To do -> Go through the listing and pick out each line with the word "first" in it.

== Segment start ==

Lemma square_pencil_cases x y1 y2 :
  lin_indep2 (x ^+ 2 * y1) (x ^+ 2 * y2) ->
  lin_indep3 x y1 y2 \/
  lin_indep2 y1 y2 /\ (forall f, in_span2 (x ^+ 2 * y1) (x ^+ 2 * y2) f -> in_sym3 y1 y2 f).
Proof.
move=> f_indep; have y_indep : lin_indep2 y1 y2.
  by move=> b c bc0; apply: f_indep; rewrite !scalerAr -mulrDr bc0 mulr0.
have [|x_dep] := classic (lin_indep3 x y1 y2); [by left | right; split=> //].
have [a [b [c [abc0 abc_neq0]]]] : exists a b c : K,
    a *: x + b *: y1 + c *: y2 = 0 /\ ~ [/\ a = 0, b = 0 & c = 0].
  apply: NNPP => no_rel; apply: x_dep => a b c abc0; apply: NNPP => abc_neq0.
  by apply: no_rel; exists a, b, c.
have [a0|a_neq0] := eqVneq a 0.
  by move: abc0; rewrite a0 scale0r add0r => /y_indep [b0 c0]; case: abc_neq0.
have xE : x = (- (a^-1 * b)) *: y1 + (- (a^-1 * c)) *: y2.
  apply: (scalerI a_neq0); rewrite scalerDr !scalerA !mulrN !mulrA mulfV // !mul1r.
  by apply/eqP; rewrite !scaleNr -opprD -addr_eq0 addrA abc0.
move: xE; set p := - (a^-1 * b); set q := - (a^-1 * c) => xE.
move=> f; apply: in_sym3_span2.
  exists (p * p), (p * q + p * q), (q * q), 0.
  by rewrite xE -!mul_mpolyC !mpolyCD !mpolyCM mpolyC0; ring.
exists 0, (p * p), (p * q + p * q), (q * q).
by rewrite xE -!mul_mpolyC !mpolyCD !mpolyCM mpolyC0; ring.
Qed.

End BinaryCubics.

Lemma kermx_sub_of_codim (F : fieldType) n (H : 'M[F]_n) k :
  (k <= n)%N -> (n - k <= \rank H)%N ->
  exists L : 'M_(k, n), exists B : 'M_(n, k), L *m B = 1%:M /\ (kermx L^T <= H)%MS.
Proof.
move=> k_le_n rH; set S := (cokermx H)^T.
have rS : (\rank S <= k)%N by rewrite mxrank_tr mxrank_coker leq_subCl.
pose L : 'M_(k, n) := pid_mx k *m row_ebase S.
have /row_freeP [B LB] : row_free L.
  by rewrite /row_free mxrankMfree ?row_free_unit ?row_ebase_unit // rank_pid_mx.
exists L, B; split=> //; apply/rV_subP => w; rewrite sub_kermx => /eqP wL.
have SE : S = (col_ebase S *m (pid_mx (\rank S) : 'M_(n, k))) *m L.
  rewrite mulmxA -(mulmxA _ (pid_mx _)) mul_pid_mx.
  by rewrite (minn_idPl rS) (minn_idPr rS) mulmx_ebase.
by rewrite submxE -[cokermx H]trmxK -/S SE trmx_mul mulmxA wL mul0mx.
Qed.

Section DirectionalDerivative.
Variables (K : fieldType) (n : nat).
Local Notation P := {mpoly K[n]}.
Implicit Types (p q r : P) (u w a b : 'rV[K]_n).

Definition dderiv w p : P := \sum_i w 0 i *: mderiv i p.

Definition lform a : P := \sum_i a 0 i *: 'X_i.

Fact dderiv_is_linear w : linear (dderiv w).
Proof.
move=> c p q; rewrite /dderiv scaler_sumr -big_split /=; apply: eq_bigr => i _.
by rewrite mderivD mderivZ scalerDr !scalerA mulrC.
Qed.

HB.instance Definition _ w :=
  GRing.isLinear.Build K P P _ (dderiv w) (dderiv_is_linear w).

Lemma dderivDl u w p : dderiv (u + w) p = dderiv u p + dderiv w p.
Proof. by rewrite /dderiv -big_split; apply: eq_bigr => i _; rewrite mxE scalerDl. Qed.

Lemma dderivZl c w p : dderiv (c *: w) p = c *: dderiv w p.
Proof. by rewrite /dderiv scaler_sumr; apply: eq_bigr => i _; rewrite mxE scalerA. Qed.

Lemma dderiv_delta i p : dderiv 'e_i p = mderiv i p.
Proof.
rewrite /dderiv (bigD1 i) //= big1 => [|j ji]; last by rewrite mxE (negbTE ji) scale0r.
by rewrite mxE !eqxx scale1r addr0.
Qed.

Lemma dderiv_comm u w p : dderiv u (dderiv w p) = dderiv w (dderiv u p).
Proof.
rewrite {2 4}/dderiv !linear_sum /=.
under eq_bigr do rewrite linearZ /= /dderiv scaler_sumr.
under [RHS]eq_bigr do rewrite linearZ /= /dderiv scaler_sumr.
rewrite exchange_big; apply: eq_bigr => i _; apply: eq_bigr => j _.
by rewrite !scalerA mulrC mderiv_comm.
Qed.

Lemma dderivM w p q : dderiv w (p * q) = dderiv w p * q + p * dderiv w q.
Proof.
rewrite /dderiv mulr_suml mulr_sumr -big_split /=; apply: eq_bigr => i _.
by rewrite mderivM scalerDr -scalerAl -scalerAr.
Qed.

Lemma mderivXU i j : mderiv i ('X_j : P) = (j == i)%:R%:MP.
Proof.
rewrite mderivX mnm1E; case: eqP => [->|_] /=; last by rewrite scale0r mpolyC0.
by rewrite -{1}(add0m U_(i)%MM) addmK mpolyX0 scale1r mpolyC1.
Qed.

Lemma dderiv_lform w a : dderiv w (lform a) = ((w *m a^T) 0 0)%:MP.
Proof.
rewrite /lform linear_sum !mxE raddf_sum /=; apply: eq_bigr => i _.
rewrite linearZ /= /dderiv (bigD1 i) //= big1 => [|j ji]; last first.
  by rewrite mderivXU eq_sym (negbTE ji) mpolyC0 scaler0.
by rewrite mderivXU eqxx mpolyC1 addr0 mxE scalerA mulrC -mul_mpolyC mulr1.
Qed.

Fact lform_is_linear : linear lform.
Proof.
move=> c a b; rewrite /lform scaler_sumr -big_split /=; apply: eq_bigr => i _.
by rewrite !mxE scalerDl scalerA.
Qed.

HB.instance Definition _ :=
  GRing.isLinear.Build K 'rV[K]_n P _ lform lform_is_linear.

Lemma mcoeff_lform a i : (lform a)@_U_(i) = a 0 i.
Proof.
rewrite /lform raddf_sum /= (bigD1 i) //= big1 => [|j ji].
  by rewrite mcoeffZ mcoeffXU eqxx mulr1 addr0.
by rewrite mcoeffZ mcoeffXU (negbTE ji) mulr0.
Qed.

Lemma lform_inj : injective lform.
Proof.
by move=> a b eab; apply/rowP => i; rewrite -!mcoeff_lform eab.
Qed.

Lemma lform_dhomog a : lform a \is 1.-homog.
Proof. by apply: rpred_sum => i _; rewrite rpredZ // dhomogX /= mdeg1. Qed.

Lemma dhomog1_lformE x : x \is 1.-homog -> x = lform (\row_i x@_U_(i)).
Proof.
move=> x1; apply/mpolyP => m; rewrite /lform raddf_sum /=.
under eq_bigr => i _ do rewrite mxE mcoeffZ mcoeffX.
have [/eqP/mdeg1P [i /eqP ->]|m_neq1] := eqVneq (mdeg m) 1%N.
  rewrite (bigD1 i) //= big1 => [|j ji]; last by rewrite eq_mnm1 (negbTE ji) mulr0.
  by rewrite eqxx mulr1 addr0.
rewrite (dhomog_nemf_coeff x1 m_neq1) big1 // => j _.
by case: eqP => [jm|]; [move: m_neq1; rewrite -jm mdeg1 | rewrite mulr0].
Qed.

Lemma dhomog0_mpolyC p : p \is 0.-homog -> p = (p@_0)%:MP.
Proof.
move=> p0; apply/mpolyP => m; rewrite mcoeffC.
have [->|m_neq0] := eqVneq m 0%MM; first by rewrite mulr1.
by rewrite mulr0 (dhomog_nemf_coeff p0) // mdeg_eq0.
Qed.

Lemma mderiv_dhomog d i p : p \is d.+1.-homog -> mderiv i p \is d.-homog.
Proof.
move=> p_hom; apply/dhomogP => m; rewrite mcoeff_msupp mcoeff_deriv => pm_neq0.
have : p@_(m + U_(i)) != 0 by apply: contraNneq pm_neq0 => ->; rewrite mul0rn.
rewrite -mcoeff_msupp => /(dhomog_mf p_hom) /=; rewrite mdegD mdeg1 addn1.
by case.
Qed.

Lemma dderiv_dhomog d w p : p \is d.+1.-homog -> dderiv w p \is d.-homog.
Proof. by move=> p_hom; apply: rpred_sum => i _; rewrite rpredZ // mderiv_dhomog. Qed.

Lemma euler_mpolyX m : \sum_i 'X_i * mderiv i ('X_[m] : P) = (mdeg m)%:R *: 'X_[m].
Proof.
rewrite mdegE natr_sum scaler_suml; apply: eq_bigr => i _.
rewrite mderivX -scalerAr -mpolyXD.
have [->|mi_gt0] := posnP (m i); first by rewrite !scale0r.
by rewrite addmC submK //; apply/mnm_lepP => k; rewrite mnm1E; case: eqP => // <-.
Qed.

Lemma euler d p : p \is d.-homog -> \sum_i 'X_i * mderiv i p = d%:R *: p.
Proof.
move=> p_hom; rewrite {1 2}(mpolyE p).
under eq_bigr => i _ do rewrite raddf_sum mulr_sumr.
rewrite exchange_big /= scaler_sumr big_seq [RHS]big_seq; apply: eq_bigr => m pm.
under eq_bigr => i _ do rewrite mderivZ -scalerAr.
by rewrite -scaler_sumr euler_mpolyX (dhomog_mf p_hom pm) scalerA mulrC -scalerA.
Qed.

Lemma euler_lin d p a b q r : p \is d.-homog ->
  (forall i, mderiv i p = a 0 i *: q + b 0 i *: r) ->
  d%:R *: p = lform a * q + lform b * r.
Proof.
move=> p_hom dp; rewrite -(euler p_hom) /lform !mulr_suml -big_split /=.
by apply: eq_bigr => i _; rewrite dp mulrDr -!scalerAl -!scalerAr.
Qed.

Lemma dderiv_suml (I : Type) (s : seq I) (Q : pred I) (F : I -> 'rV_n) p :
  dderiv (\sum_(i <- s | Q i) F i) p = \sum_(i <- s | Q i) dderiv (F i) p.
Proof.
rewrite /dderiv; under eq_bigr do rewrite summxE scaler_suml.
by rewrite exchange_big.
Qed.

Definition kills m (S : 'M[K]_(m, n)) p := forall w, (w <= S)%MS -> dderiv w p = 0.

Lemma kills_sub m1 m2 (S : 'M_(m1, n)) (T : 'M_(m2, n)) p :
  (T <= S)%MS -> kills S p -> kills T p.
Proof. by move=> sTS Sp w wT; apply/Sp/(submx_trans wT). Qed.

Lemma kills_adds m1 m2 (S : 'M_(m1, n)) (T : 'M_(m2, n)) p :
  kills S p -> kills T p -> kills (S + T)%MS p.
Proof.
move=> Sp Tp w /sub_addsmxP [[u v] ->]; rewrite dderivDl Sp ?Tp ?addr0 //; exact: submxMl.
Qed.

Lemma kills_dderiv m (S : 'M_(m, n)) w p : kills S p -> kills S (dderiv w p).
Proof. by move=> Sp u uS; rewrite dderiv_comm Sp // raddf0. Qed.

Lemma killsZ m (S : 'M_(m, n)) c p : kills S p -> kills S (c *: p).
Proof. by move=> Sp w wS; rewrite linearZ /= Sp // scaler0. Qed.

Lemma kermx_split k (L : 'M_(k, n)) (B : 'M_(n, k)) w :
  L *m B = 1%:M -> (w - w *m L^T *m B^T <= kermx L^T)%MS.
Proof.
by move=> LB; rewrite sub_kermx mulmxBl -!mulmxA -trmx_mul LB trmx1 mulmx1 subrr.
Qed.

Lemma mderiv_split k (L : 'M_(k, n)) (B : 'M_(n, k)) i p :
  mderiv i p =
  \sum_j L j i *: dderiv (row j B^T) p + dderiv ('e_i - 'e_i *m L^T *m B^T) p.
Proof.
rewrite -dderiv_delta -{1}['e_i](subrK ('e_i *m L^T *m B^T)) dderivDl addrC.
rewrite mulmx_sum_row dderiv_suml; congr (_ + _); apply: eq_bigr => j _.
by rewrite dderivZl -rowE !mxE.
Qed.

Lemma mderiv_kermx k (L : 'M_(k, n)) (B : 'M_(n, k)) i p :
  L *m B = 1%:M -> kills (kermx L^T) p ->
  mderiv i p = \sum_j L j i *: dderiv (row j B^T) p.
Proof. by move=> LB Lp; rewrite (mderiv_split L B) Lp ?addr0 // kermx_split. Qed.

Lemma kills_kermx_lform k (L : 'M_(k, n)) a : (a <= L)%MS -> kills (kermx L^T) (lform a).
Proof.
move=> /submxP [c ->] w; rewrite sub_kermx => /eqP wL.
by rewrite dderiv_lform trmx_mul mulmxA wL mul0mx mxE mpolyC0.
Qed.

Lemma kills_sym3 m (S : 'M_(m, n)) x y g :
  in_sym3 x y g -> kills S x -> kills S y -> kills S g.
Proof.
move=> [c0 [c1 [c2 [c3 ->]]]] Sx Sy w wS.
rewrite !linearD !linearZ /= !dderivM (Sx _ wS) (Sy _ wS).
by rewrite !(mul0r, mulr0, addr0, scaler0).
Qed.

Lemma lin_indep2_lform_row (L : 'M_(2, n)) :
  row_free L -> lin_indep2 (lform (row 0 L)) (lform (row 1 L)).
Proof.
move=> L_free a b ab0; pose c : 'rV_2 := \row_j (if j == 0 then a else b).
have c0 : c = 0.
  apply: (row_free_inj L_free); rewrite mul0mx mulmx_sum_row big_ord_recl big_ord1.
  apply: lform_inj; rewrite linear0 -ab0 linearD !linearZ /= !mxE /=.
  by rewrite (_ : lift ord0 ord0 = 1) //; exact: val_inj.
by split; [move/rowP/(_ 0): c0 | move/rowP/(_ 1): c0]; rewrite !mxE.
Qed.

== Segment end ==

Result below ->
rewrite linearZ /= /dderiv (bigD1 i) //= big1 => [|j ji]; last first.
have [->|m_neq0] := eqVneq m 0%MM; first by rewrite mulr1.
have [->|mi_gt0] := posnP (m i); first by rewrite !scale0r.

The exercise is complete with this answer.